New CEO Rob Neill, a self-confessed “coal guy”, has taken on the role of revitalising the company after founder Len Walker stepped aside to focus on Cougar’s UCG projects in Asia. Being a coal guy, his different set of eyes looked anew at the two coal deposits in Queensland, both originally pegged as UCG targets. They include the Wandoan thermal coal project in the Surat Basin with a JORC resource of 360Mt (not to be confused with Xstrata’s Wandoan), and the Mackenzie PCI asset in the Bowen Basin with an exploration target of 120-170Mt.
Neither project has had much drilling but both are extremely well located in terms of a couple of key metrics. Both are close to existing operations - Mackenzie is adjacent to PCI operations such as Jellinbah and Yarrabee in the Bowen Basin, and Wandoan is close to the proposed 22Mtpa Xstrata thermal coal project in the Surat Basin.

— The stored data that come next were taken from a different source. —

(* For every $\varepsilon>0$, with $\mathcal D_\varepsilon$ the value defined in the context, $\mathrm{ALG}\le\frac{2+\varepsilon}{\varepsilon}\,\mathcal D_\varepsilon$.
   Context: Network. $S,T,R,D$ are pairwise disjoint finite sets (sources, transmitters, receivers, destinations). Each transmitter $t\in T$ is attached to a source $s(t)\in S$ via a link of integer delay $d(s(t),t)\ge 0$; each receiver $r\in R$ is attached to a destination $d(r)\in D$ via a link of integer delay $d(r,d(r))\ge 0$. A set $E_R\subseteq T\times R$ of reconfigurable edges is given, each $e\in E_R$ with integer delay $d(e)\ge 1$. A set $E_\ell\subseteq S\times D$ of fixed links is given, each with integer delay $\ge0$. Two edges of $E_R$ are adjacent if they share a transmitter or a receiver (an edge is adjacent to itself). Packets. $\Pi$ is a finite set of unit-size packets; packet $p$ has weight $w_p>0$, release time $r_p\in\mathbb Z_{\ge1}$, source $s_p$, destination $d_p$. Let $E(p)=\{(t,r)\in E_R: s(t)=s_p,\ d(r)=d_p\}$; assume $E(p)\neq\emptyset$ for all $p$. $\Pi_\ell$ is the set of packets with $(s_p,d_p)\in E_\ell$, and $\ell_p:=d(s_p,d_p)$ for them. Fix a total order $\prec$ on $\Pi$ with $r_p<r_q\Rightarrow p\prec q$. Algorithm ALG. Packets are processed in the order $\prec$; $p$ is processed at time $r_p$, before transmission step $r_p$. A packet assigned to a reconfigurable edge $e$ is split into $d(e)$ chunks of weight $w_p/d(e)$ assigned to $e$; $p(c)$, $w_c$, $e(c)$ denote the packet, weight and edge of chunk $c$. A chunk is pending until transmitted; $W(C)$ is the total weight of a set $C$ of chunks. When $p$ is processed, $B(p)$ is the set of pending chunks of packets $p'\prec p$; for $e=(t,r)\in E(p)$, $\mathrm{Adj}(p,e)$ = chunks of $B(p)$ whose edge is adjacent to $e$, $H(p,e)=\{c\in\mathrm{Adj}(p,e):w_c\ge w_p/d(e)\}$, $L(p,e)=\mathrm{Adj}(p,e)\setminus H(p,e)$, and $\mathrm{imp}(p,e)=w_p(d(s_p,t)+\frac{d(e)+1}{2}+d(r,d_p))+w_p|H(p,e)|+d(e)W(L(p,e))$. With $e^*\in\arg\min_{e\in E(p)}\mathrm{imp}(p,e)$: if $p\in\Pi_\ell$ and $w_p\ell_p\le\mathrm{imp}(p,e^* )$, $p$ is sent over its fixed link (latency $w_p\ell_p$); otherwise $p$ is assigned to $e(p):=e^*$ and split into chunks. Scheduler: at each integer $\tau\ge1$, build $M_\tau$ greedily over pending chunks in order of decreasing weight (ties by $\prec$ on packets, then arbitrary), adding $c$ iff no chunk already in $M_\tau$ has an edge adjacent to $e(c)$; chunks of $M_\tau$ are transmitted at step $\tau$. If chunk $c$ of $p$ is transmitted at step $\tau_c$ via $e(p)=(t,r)$, its completion time is $f_c=\tau_c+1+d(s_p,t)+d(r,d_p)$, and $c$ is active at integer times $\tau$ with $r_p\le\tau<f_c$. The cost is $\mathrm{ALG}=\sum_{p\text{ sent on fixed link}}w_p\ell_p+\sum_{\text{chunks }c}w_c(f_c-r_{p(c)})$. Dual assignment: $\alpha_p=w_p\ell_p$ if $p$ is sent over its fixed link, and $\alpha_p=\mathrm{imp}(p,e(p))$ (computed when $p$ is processed) otherwise; for $t\in T$ and integer $\tau\ge1$, $\beta_{t,\tau}$ is the total weight of chunks active at $\tau$ whose edge has transmitter $t$, and $\beta_{r,\tau}$ ($r\in R$) likewise with receiver $r$. For $\varepsilon>0$ define $$\mathcal D_\varepsilon=\sum_{p\in\Pi}\alpha_p-\frac{1}{2+\varepsilon}\Big(\sum_{t\in T}\sum_{\tau\ge1}\beta_{t,\tau}+\sum_{r\in R}\sum_{\tau\ge1}\beta_{r,\tau}\Big).$$ *)

From mathcomp Require Import all_boot all_order all_algebra.
Set Implicit Arguments. Unset Strict Implicit. Unset Printing Implicit Defensive.
Import Order.TTheory GRing.Theory Num.Theory.
Local Open Scope ring_scope.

Importantly, both assets are blessed with decent access to infrastructure. Sure, some of it might need some upgrading but this access is something many junior coal developers would give their eye teeth for.
Which might explain why Cougar, after flagging a sale of the two deposits in August has now decided to create a subsidiary vehicle in the shape of a new company called Kandoman Resources. Admittedly, the coal market has declined in the last two quarters, dragging down share prices of junior companies which in turn has made them cheap takeover targets. As Neill said, you only sell an asset once and clearly, an opportunistic offer right now could whisk away the coal deposits at heavily discounted prices.

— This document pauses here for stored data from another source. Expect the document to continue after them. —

Lemma mobius_inverse_exists :
  exists F : T -> R, forall x, g x = F x + \sum_(y | lt y x) F y.
Proof.
exists (mobius_approx #|T|.+1) => x /=.
rewrite [X in _ = _ + X](eq_bigr (mobius_approx #|T|)) ?subrK // => y yx.
by apply: mobius_approxS; apply: leq_trans (height_lt yx) (max_card _).
Qed.

End MobiusInversion.

Section NablasOfSum.
Variables (T : Type) (I : finType) (R : realType).
Variables (P : T -> bool) (meet : T -> T -> T) (Q : pred I) (r : T -> I -> bool).
Variables (F : I -> R) (phi : T -> R).
Hypotheses (Pmeet : forall x a, P x -> P a -> P (meet x a))
  (r_meet : forall x a i, r (meet x a) i = r x i && r a i)
  (phiE : forall x, P x -> phi x = \sum_(i | Q i && r x i) F i).

Lemma nablas_sum s x : all P s -> P x ->
  nablas meet s phi x = \sum_(i | [&& Q i, r x i & all (fun a => ~~ r a i) s]) F i.
Proof.
elim: s x => [|a s IH] x /= => [_ Px|/andP[Pa Ps] Px].
  by rewrite phiE //; apply: eq_bigl => i; rewrite andbT.
rewrite /nabla IH // IH ?Pmeet // (bigID (r a)) /=.
have -> : \sum_(i | [&& Q i, r (meet x a) i & all (fun b => ~~ r b i) s]) F i =
          \sum_(i | [&& Q i, r x i & all (fun b => ~~ r b i) s] && r a i) F i.
  by apply: eq_bigl => i; rewrite r_meet; case: (r a i); rewrite ?andbT ?andbF.
rewrite [X in X - _]addrC addrK; apply: eq_bigl => i.
by case: (r a i); rewrite ?andbT ?andbF.
Qed.

End NablasOfSum.

Section UpSets.
Context {d : Order.disp_t} {L : finLatticeType d}.
Implicit Types (a b x y : L) (U V : {set L}).

Lemma in_up1 x y : (y \in up1 x) = (x <= y).
Proof.
rewrite inE; apply/existsP/idP => [[a /andP[]]|xy]; first by rewrite inE => /eqP->.
by exists x; rewrite inE eqxx.
Qed.

Lemma in_up2 a b y : (y \in up2 a b) = (a <= y) || (b <= y).
Proof.
rewrite inE; apply/existsP/idP => [[c /andP[]]|/orP[] h].
- by rewrite !inE => /orP[]/eqP-> ->; rewrite ?orbT.
- by exists a; rewrite !inE eqxx h.
- by exists b; rewrite !inE eqxx h orbT.
Qed.

Lemma upset_closed {U x y} : is_upset U -> x \in U -> x <= y -> y \in U.
Proof. by move=> /forallP/(_ x)/forallP/(_ y)/implyP Uup xU xy; apply: Uup; rewrite xU. Qed.

Lemma upset_up1 x : is_upset (up1 x).
Proof.
apply/forallP => y; apply/forallP => z; apply/implyP => /andP[].
by rewrite !in_up1; apply: le_trans.
Qed.

Lemma calL_up1 x : in_calL (up1 x).
Proof. by rewrite /in_calL upset_up1; apply/set0Pn; exists x; rewrite in_up1. Qed.

Lemma calL_up2 a b : in_calL (up2 a b).
Proof.
apply/andP; split; last by apply/set0Pn; exists a; rewrite in_up2 lexx.
apply/forallP => y; apply/forallP => z; apply/implyP => /andP[].
by rewrite !in_up2 => /orP[] h1 h2; rewrite (le_trans h1 h2) ?orbT.
Qed.

Lemma calL_setU U V : in_calL U -> in_calL V -> in_calL (U :|: V).
Proof.
move=> /andP[Uup /set0Pn[x xU]] /andP[Vup _]; apply/andP; split.
  apply/forallP => y; apply/forallP => z; apply/implyP => /andP[].
  by rewrite !inE => /orP[] h1 h2; rewrite (upset_closed _ h1 h2) ?orbT.
by apply/set0Pn; exists x; rewrite inE xU.
Qed.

Exactly how investors will be given a chance to invest in the coal assets will ultimately be determined by “who is sitting opposite the table,” Neill said.
The coal projects will be moved into Kandoman, a non-UCG company, which will also house any other coal assets Cougar lays its hand on; opportunities that arise as it looks for suitable coal to gasify.

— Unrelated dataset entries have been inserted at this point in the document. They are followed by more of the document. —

(* Let $A\in\mathbb{R}^{m\times n}$, $b\in\mathbb{R}^m$, $\delta\ge0$ with $\{x:\|Ax-b\|\le\delta\}\neq\emptyset$. Then the exact penalty decomposition method described in the context, with parameters $\epsilon>0$, $\sigma>1$, $\rho_0>0$, terminates after at most $\left\lceil\frac{\ln(n)-\ln(\epsilon\rho_0)}{\ln\sigma}\right\rceil$ iterations.
   Context: Exact penalty decomposition method: (S.0) Given a tolerance $\epsilon>0$ and a ratio $\sigma>1$, choose $\rho_0>0$, set $v^0=e$ (the all-ones vector in $\mathbb{R}^n$) and $k:=0$. (S.1) Choose $x^{k+1}\in\arg\min_{x\in\mathbb{R}^n}\{\langle v^k,|x|\rangle:\ \|Ax-b\|\le\delta\}$. (S.2) For each $i$, set $v^{k+1}_i=0$ if $|x^{k+1}_i|>1/\rho_k$ and $v^{k+1}_i=1$ otherwise. (S.3) If $\langle v^{k+1},|x^{k+1}|\rangle\le\epsilon$, stop; otherwise go to (S.4). (S.4) Set $\rho_{k+1}=\sigma\rho_k$, $k:=k+1$, and go to (S.1). Here $\|\cdot\|$ is the Euclidean norm and $|x|$ the componentwise absolute value. *)

From mathcomp Require Import all_boot all_order all_algebra.
From mathcomp Require Import all_classical all_reals all_analysis.
Set Implicit Arguments. Unset Strict Implicit. Unset Printing Implicit Defensive.
Import Order.TTheory GRing.Theory Num.Theory.
Local Open Scope ring_scope.

Definition enorm (R : realType) (m : nat) (y : 'cV[R]_m) : R :=
  Num.sqrt (\sum_(i < m) (y i 0) ^+ 2).

Definition feasible (R : realType) (m n : nat) (A : 'M[R]_(m, n)) (b : 'cV[R]_m)
  (delta : R) (x : 'cV[R]_n) : Prop :=
  enorm (A *m x - b) <= delta.

Definition wl1 (R : realType) (n : nat) (v x : 'cV[R]_n) : R :=
  \sum_(i < n) v i 0 * `|x i 0|.

(* The iterates are
   computed regardless of the stopping test (S.3); termination is then
   the first index k at which the test holds. *)
Definition EPD_run (R : realType) (m n : nat) (A : 'M[R]_(m, n)) (b : 'cV[R]_m)
  (delta sigma rho0 : R) (x v : nat -> 'cV[R]_n) (rho : nat -> R) : Prop :=
  [/\ v 0%N = const_mx 1,
      (forall k, rho k = rho0 * sigma ^+ k),
      (forall k, feasible A b delta (x k.+1) /\
                 forall y, feasible A b delta y -> wl1 (v k) (x k.+1) <= wl1 (v k) y) &
      (forall k (i : 'I_n), v k.+1 i 0 = if `|x k.+1 i 0| > (rho k)^-1 then 0 else 1)].

Definition EPD_stops (R : realType) (n : nat) (eps : R) (x v : nat -> 'cV[R]_n) (k : nat) : Prop :=
  wl1 (v k.+1) (x k.+1) <= eps.

From mathcomp Require Import all_boot all_order all_algebra.
From mathcomp Require Import all_classical all_reals all_analysis.
From mathcomp Require Import lra.
Set Implicit Arguments. Unset Strict Implicit. Unset Printing Implicit Defensive.
Import Order.TTheory GRing.Theory Num.Theory.
Local Open Scope ring_scope.

(* After step k every coordinate kept in the support of the weight vector has
   |x_i| <= 1/rho_k, so the weighted l1 value is at most n/rho_k; since
   rho_k = rho0 sigma^k grows geometrically, n/rho_k <= eps as soon as
   k >= (ln n - ln (eps rho0)) / ln sigma, so the test (S.3) succeeds then. *)

Lemma wl1_threshold_le (R : realType) (n : nat) (v x : 'cV[R]_n) (t : R) :
  0 <= t -> (forall i, v i 0 = if t < `|x i 0| then 0 else 1) ->
  wl1 v x <= n%:R * t.
Proof.
move=> t_ge0 vE; rewrite /wl1 mulr_natl -[n in t *+ n]card_ord -sumr_const.
apply: ler_sum => i _; rewrite vE.
by case: ifP => [_|/negbT]; rewrite ?mul0r ?mul1r // -leNgt.
Qed.

Lemma le_mul_expr_of_ceil_ln (R : realType) (a c s : R) (k : nat) :
  0 < a -> 0 < c -> 1 < s ->
  (Num.ceil ((ln a - ln c) / ln s) <= k%:Z)%R -> a <= c * s ^+ k.
Proof.
move=> a_gt0 c_gt0 s_gt1 ceil_le_k.
have lns_gt0 : 0 < ln s by apply: ln_gt0.
have s_gt0 : 0 < s by apply: lt_trans s_gt1.
have ratio_le_k : (ln a - ln c) / ln s <= k%:R.
  apply: le_trans (ceil_ge _) _.
  by rewrite -[k%:R]/((k%:Z)%:~R) ler_int.
rewrite -ler_ln ?posrE ?mulr_gt0 ?exprn_gt0 //.
rewrite lnM ?posrE ?exprn_gt0 // lnXn // -mulr_natl.
by move: ratio_le_k; rewrite ler_pdivrMr //; lra.
Qed.

Theorem theorem3p2 (R : realType) (m n : nat) (A : 'M[R]_(m, n)) (b : 'cV[R]_m)
  (delta eps sigma rho0 : R) (x v : nat -> 'cV[R]_n) (rho : nat -> R) :
  (0 < n)%N -> 0 <= delta -> (exists y, feasible A b delta y) ->
  0 < eps -> 1 < sigma -> 0 < rho0 ->
  EPD_run A b delta sigma rho0 x v rho ->
  exists k : nat, EPD_stops eps x v k /\
    (k%:Z <= Num.max 0 (Num.ceil ((ln n%:R - ln (eps * rho0)) / ln sigma)))%R.
Proof.
move=> n_gt0 _ _ eps_gt0 sigma_gt1 rho0_gt0 [_ rhoE _ vE].
set K := Num.max 0 _.
have K_ge0 : (0 <= K)%R by rewrite le_max lexx.
exists `|K|%N; rewrite gez0_abs //; split=> //.
have rho_gt0 : 0 < rho `|K|%N.
  by rewrite rhoE mulr_gt0 ?exprn_gt0 // (lt_trans ltr01).
have n_le : n%:R <= eps * rho `|K|%N.
  rewrite rhoE mulrA; apply: le_mul_expr_of_ceil_ln; rewrite ?ltr0n ?mulr_gt0 //.
  by rewrite gez0_abs // le_max lexx orbT.
rewrite /EPD_stops (le_trans (wl1_threshold_le _ (vE _))) //.
  by rewrite invr_ge0 ltW.
by rewrite ler_pdivrMr.
Qed.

“We can now offer three different levels of investment: participation at the listed company level to ensure success of a diversified energy company; a wider resources play by participating in the value upside of Kandoman Resources; and the opportunity to get involved in specific exploration projects,” Neill said.
His clear preference is for Cougar to remain involved and eventually be mining coal, potentially under Cougar’s banner and not simply project managing on behalf of a large SOE. But, he readily acknowledges he will need funding, which is most likely to be sourced in Asia. An IPO of the coal assets is an option, in which Cougar would retain a significant stake, but is by no means the only one.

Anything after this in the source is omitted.